------ Input data

Lemma optimal_solution_exists : exists x, feasible x /\ objective x = theta.
Proof.
pose t := fine theta; pose j0 := Ordinal m_gt0.
have compat : forall i k, bstar b i k + box_lo t k <= box_hi t i.
  by apply/theta_le; rewrite fineK ?theta_fin_num.
have hi_lty i : box_hi t i < +oo by apply: le_lt_trans (bigmin_le _ j0 _) (ltry _).
have lo_fin k : box_lo t k \is a fin_num.
  apply/fin_numPlt/andP; split.
    exact: lt_le_trans (ltNyr _) (le_bigmax _ _ j0).
  apply: le_lt_trans (hi_lty k); apply: le_trans (compat k k).
  by rewrite lee_paddl ?bstar_ge0.
have [x x_sol] := subsolution_in_box_exists cycles_le0 lo_fin hi_lty compat.
by exists x; apply/optimal_le/feasible_objective_le.
Qed.

Definition param_lo (e : \bar R) k : \bar R :=
  \big[maxe/-oo]_(j < m)
     maxe (maxe (((h j)%:E - e) * ((w j)^-1)%:E + (p k j)%:E) (p k j - d j)%:E) (f k)%:E.

Definition param_hi (e : \bar R) k : \bar R :=
  \big[mine/+oo]_(i < n) \big[mine/+oo]_(j < m)
     (mine (mine ((e - (h j)%:E) * ((w j)^-1)%:E + (p i j)%:E) (p i j + d j)%:E) (g i)%:E
      - bstar b i k).

Lemma param_boundsE k (v : R) :
  param_lo theta k <= v%:E <= param_hi theta k <->
  box_lo (fine theta) k <= v%:E /\ forall i, bstar b i k + v%:E <= box_hi (fine theta) i.
Proof.
rewrite -{1 2}(fineK theta_fin_num); set t := fine theta.
have -> : param_lo t%:E k = box_lo t k.
  by apply: eq_bigr => j _; rewrite /lower !EFin_max.
have -> : param_hi t%:E k =
    \big[mine/+oo]_(i < n) \big[mine/+oo]_(j < m) ((upper t i j)%:E - bstar b i k).
  by apply: eq_bigr => i _; apply: eq_bigr => j _; rewrite /upper !EFin_min.
split=> [/andP[lo_v /bigmin_geP[_ v_le]] | [-> v_le] /=].
  split=> // i; apply: le_bigmin => [|j _]; first exact: leey.
  by have /bigmin_geP[_ /(_ j isT)] := v_le i isT; rewrite leeBrDl_neqy ?bstar_neqy.
apply: le_bigmin => [|i _]; first exact: leey.
apply: le_bigmin => [|j _]; first exact: leey.
by rewrite leeBrDl_neqy ?bstar_neqy // (le_trans (v_le i) (bigmin_le _ j _)).
Qed.

Lemma optimal_solutionsE x :
  feasible x /\ objective x = theta <->
  exists u : 'I_n -> R,
    (forall k, param_lo theta k <= (u k)%:E <= param_hi theta k) /\
    (forall i, (x i)%:E = \big[maxe/-oo]_(k < n) (bstar b i k + (u k)%:E)).
Proof.
apply: (iff_trans (optimal_le x)); apply: (iff_trans (feasible_objective_le x _)).
apply: (iff_trans (subsolutions_in_box cycles_le0 _ _ x)).
by split=> -[u [u_box x_E]]; exists u; split=> // k; apply/param_boundsE.
Qed.
Lemma theta_count_ge K M La Ls Lb :
  triple K -> triple M -> triple La -> triple Lb -> all triple Ls ->
  6 * 2 ^ (size Ls).+1 <= theta_count K M La Ls Lb + 6.
Proof.
move=> tK tM tLa tLb tLs.
have sumA := sum_path_count1_mul_ge tK tM tLa tLb.
have sumN y := sum_path_count_ge y tLs tK.
have term x y := theta_term_ge
  (leq_mul (path_count1_ge1 x y tLa) (path_count1_ge1 x y tLb)) (path_count_ge y x tLs).
have q_ge2 : 2 <= 2 ^ (size Ls).+1 by rewrite expnS leq_pmulr ?expn_gt0.
have := corner_ge q_ge2 sumA.
move: (2 ^ (size Ls).+1) sumN term => q sumN term.
case/tripleP: tK sumN => [x1 [x2 [x3 [-> _]]]] sumN; case/tripleP: tM => [y1 [y2 [y3 [-> _]]]].
have := sumN y1; have := sumN y2; have := sumN y3.
have := term x1 y1; have := term x1 y2; have := term x1 y3.
have := term x2 y1; have := term x2 y2; have := term x2 y3.
have := term x3 y1; have := term x3 y2; have := term x3 y3.
rewrite /theta_count !big_cons !big_nil; lia.
Qed.

Definition colors3 : seq nat := [:: 0; 1; 2].

(* Path counts for the lists {0, 1, 2}, with ends of equal, resp. distinct, colors. *)
Fixpoint uniform_path_counts (n : nat) : nat * nat :=
  if n is n'.+1 then let: (a, b) := uniform_path_counts n' in (2 * b, a + b) else (0, 1).

Lemma uniform_path_countsE n :
  let: (a, b) := uniform_path_counts n in a + 2 * b = 2 ^ n.+1 /\ a + ~~ odd n = b + odd n.
Proof.
elim: n => [|n IH] //=; case: (uniform_path_counts n) IH => a b [sum_ab diff_ab].
by rewrite negbK expnS -sum_ab; split; lia.
Qed.

Lemma path_count_uniform Ls x y : all (pred1 colors3) Ls -> x < 3 -> y < 3 ->
  path_count x Ls y =
  if x == y then (uniform_path_counts (size Ls)).1 else (uniform_path_counts (size Ls)).2.
Proof.
elim: Ls x => [|L Ls IH] x; first by rewrite /path_count; case: eqVneq.
rewrite [all _ _]/= => /andP[/eqP -> uniform_Ls] x_lt y_lt.
rewrite path_count_cons !big_cons big_nil !IH //=.
case: (uniform_path_counts (size Ls)) => a b /=; clear IH.
by case: x x_lt => [|[|[|x]]] //; case: y y_lt => [|[|[|y]]] //= _ _; lia.
Qed.
Lemma hermitian_preserving_Phi_t t : hermitian_preserving (@Phi_t R d t).
Proof.
move=> X; apply/matrixP => i j; rewrite /Phi_t !mxE /mxtrace.
rewrite rmorphB !rmorphM rmorph_sum rmorph_nat eq_sym.
congr (_ * _ - _ * _); first by apply: eq_bigr => l _; rewrite !mxE.
exact/esym/conjC_real_complex.
Qed.

Lemma unit_vector_sum_sqr psi s :
  unit_vector psi -> singular_values (coef_mx psi) s -> \sum_j s j ^+ 2 = 1.
Proof.
move=> unit_psi /sum_sqr_singular_values.
under eq_bigr => i _ do under eq_bigr => j _ do rewrite mxE.
by rewrite -(sum_pair (fun p => (psi p)^* * psi p)) unit_psi => /complexI.
Qed.

Lemma admissible_singular_values alpha psi : 1 <= alpha ->
  admissible alpha psi ->
  exists2 s, singular_values (coef_mx psi) s &
    (forall j : 'I_d, (floor_nat alpha < j)%N -> s j = 0) /\
    (forall j : 'I_d, nat_of_ord j = floor_nat alpha ->
       (floor_nat alpha)%:R * s j
         <= frac_part alpha * \sum_(i : 'I_d | (i < floor_nat alpha)%N) s i).
Proof.
move=> a1 [_ [s [svs [s_r s_k]]]]; exists s => //.
have k0 : (floor_nat alpha)%:R != 0 :> R by rewrite pnatr_eq0 -lt0n floor_nat_ge1.
have th0 : 0 <= frac_part alpha by case/andP: (frac_part_itv (le_trans ler01 a1)).
split=> [j kj | j jk]; first by apply: s_r; rewrite /ceil_nat; case: ifP => _ //; apply: ltnW.
have [th_gt0 | th_le0] := ltrP 0 (frac_part alpha).
  by rewrite -ler_pdivlMl ?lt0r ?k0 ?ler0n // mulrA [_^-1 * _]mulrC; apply: s_k.
rewrite s_r ?mulr0; last by rewrite /ceil_nat ltNge th_le0 jk.
by apply: mulr_ge0 => //; apply: sumr_ge0 => i _; case: svs.
Qed.

Lemma Phi_t_in_P alpha t : 1 <= alpha <= d%:R -> t <= tstar alpha ->
  in_P alpha (@Phi_t R d t).
Proof.
move=> /andP[a1 ad] t_le; split=> [|psi adm]; first exact: hermitian_preserving_Phi_t.
have [s svs [s_gt s_k]] := admissible_singular_values a1 adm.
have s0 : forall j, 0 <= s j by case: svs.
have thP : 0 <= frac_part alpha < 1 by apply: frac_part_itv; lra.
have kR : 1 <= (floor_nat alpha)%:R :> R by rewrite ler1n floor_nat_ge1.
have sum_s_bound : tstar alpha * (\sum_j s j) ^+ 2 <= 1.
  rewrite -(unit_vector_sum_sqr adm.1 svs) /tstar mulrAC ler_pdivrMr; last first.
    by apply: exprn_gt0; case/andP: thP; lra.
  rewrite mulrC [X in _ <= X]mulrC; apply: sqr_sum_le_tstar => //.
  by rewrite floor_nat_ge1 ?floor_nat_le.
have tr_le := norm_mxtrace_le_singular_values svs.
rewrite choi_form_Phi_t adm.1 subr_ge0.
have [t_le0 | t_gt0] := lerP t 0.
  apply: le_trans (_ : 0 <= 1); last exact: ler01.
  by apply: mulr_le0_ge0; rewrite ?exprn_ge0 // -[0 : C]/((0 : R)%:C) lecR.
apply: le_trans (_ : (t * (\sum_j s j) ^+ 2)%:C <= (1 : R)%:C); last first.
  by rewrite lecR; apply: le_trans sum_s_bound; rewrite ler_wpM2r ?sqr_ge0.
rewrite rmorphM rmorphXn /=; apply: ler_wpM2l; first by rewrite ler0c ltW.
by rewrite lerXn2r // nnegrE // ler0c sumr_ge0.
Qed.

End Sufficiency.

Section Necessity.
Variables (R : realType) (d : nat).
Local Notation C := R[i].
Implicit Types (t th : R) (k : nat) (c : 'I_d -> R).

Definition diag_vector c (p : 'I_d * 'I_d) : C :=
  if p.1 == p.2 then (c p.1)%:C else 0.
Lemma inv_step c c' : step l c c' -> inv_config c -> inv_config c'.
Proof.
rewrite /inv_config; case=> {c c'}; cbn [ctl groups resid rounds Rdd].
- by [].
- by move=> gs R i v n Rd lt_i _ _; apply: inv_early_moves => // p; rewrite inE => /eqP ->.
- by [].
- by move=> gs R k n Rd [_ _ run]; apply.
- by move=> gs R i v mv k n Rd _ [].
- move=> gs R i v mv k n Rd nelig [mv_lt le_n _ inv_k]; split => // p p_mv.
  by rewrite size_move_gs ?mv_lt ?inE ?p_mv ?orbT // (mv_lt (i, v)) ?mem_head.
- by move=> gs R n Rd; apply: inv_phase2_done.
- by move=> gs R v i n Rd _ _ lt_i _ _ _; apply: inv_early_moves => // p; rewrite inE => /eqP ->.
- by move=> gs R v i vs n Rd _ _ lt_i _ _ _ _ _; apply: inv_early_moves => // p /mapP[w _ ->].
- move=> gs R n Rd inv3; have lt_n := round_bound inv3; case: inv3 => nelig _ budget.
  by split => // v pil; left; rewrite mem_undup mem_filter pil pillar_mem.
- by move=> gs R P S i n Rd _ lt_i nGi _; apply: inv_sel_pick.
- by move=> gs R S mv n Rd; apply: inv_sel_move.
- move=> gs R ord n Rd _ mem_ord round; split => // j; rewrite mem_ord.
  have [al|/not_alive_thin ->] := boolP (alive l R (G gs j)); last by rewrite orbT.
  by rewrite andbT (alive_size al).
- move=> gs R i ord n Rd /not_alive_thin thin_i [round untouched]; split => // j.
  have [->|ji] := eqVneq j i; first by rewrite thin_i orbT.
  by move: (untouched j); rewrite inE (negbTE ji).
- move=> gs R i v ord n Rd al _ _ npil.
  by apply: (@inv_step2_moves _ _ _ _ _ _ [:: v]) => // w; rewrite inE => /eqP ->.
- move=> gs R i vs ord n Rd al _ nconf vs_uniq mem_vs.
  apply: inv_step2_moves => // w; rewrite mem_vs => pil_i; apply: contra nconf => pil.
  by apply/hasP; exists w; rewrite ?pil_i ?pil ?pillar_mem.
- by move=> gs R n Rd [[nelig _ _ budget] untouched]; split.
Qed.

Lemma inv_rounds_bound c : inv_config c -> rounds c <= hmax (Rdd c).
Proof.
case: c => gs R [i|||P sel||ord|mv k|] n Rd; rewrite /inv_config /=.
- by case=> ->.
- by case=> ->.
- by move/round_bound/ltnW.
- by case=> [[]].
- by case.
- by case=> [[]].
- by case.
- by [].
Qed.

End Invariant.

Theorem lemma9 (d l : nat) (T : seq (d.-tuple nat * nat)) (qs : seq (d.-tuple nat))
    (c : config) :
  0 < l -> T != [::] ->
  l_eligible l [seq t.2 | t <- T] ->
  uniq qs -> (forall q, (q \in qs) = (q \in [seq t.1 | t <- T])) ->
  reach l (init_config [seq qi_class T q | q <- qs]) c ->
  rounds c <= hmax (Rdd c).
Proof.
move=> l_gt0 nT _ _ mem_qs reach_c; apply: (inv_rounds_bound l_gt0).
elim: reach_c => [|c0 c' _ inv_c0 step_c0]; last exact: inv_step step_c0 inv_c0.
split => //; right; case: T nT mem_qs => [//|t T] _ mem_qs.
have t_qs : t.1 \in qs by rewrite mem_qs mem_head.
exists (index t.1 qs).
by rewrite (nth_map t.1) ?index_mem // nth_index // /qi_class /= eqxx.
Qed.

------------

> About this exercise:
All lines from the first line of the listing above through the line containing "by apply/theta_le; rewrite" are to be retyped exactly. Leave out any other line.

> Reply:
Lemma optimal_solution_exists : exists x, feasible x /\ objective x = theta.
Proof.
pose t := fine theta; pose j0 := Ordinal m_gt0.
have compat : forall i k, bstar b i k + box_lo t k <= box_hi t i.
  by apply/theta_le; rewrite fineK ?theta_fin_num.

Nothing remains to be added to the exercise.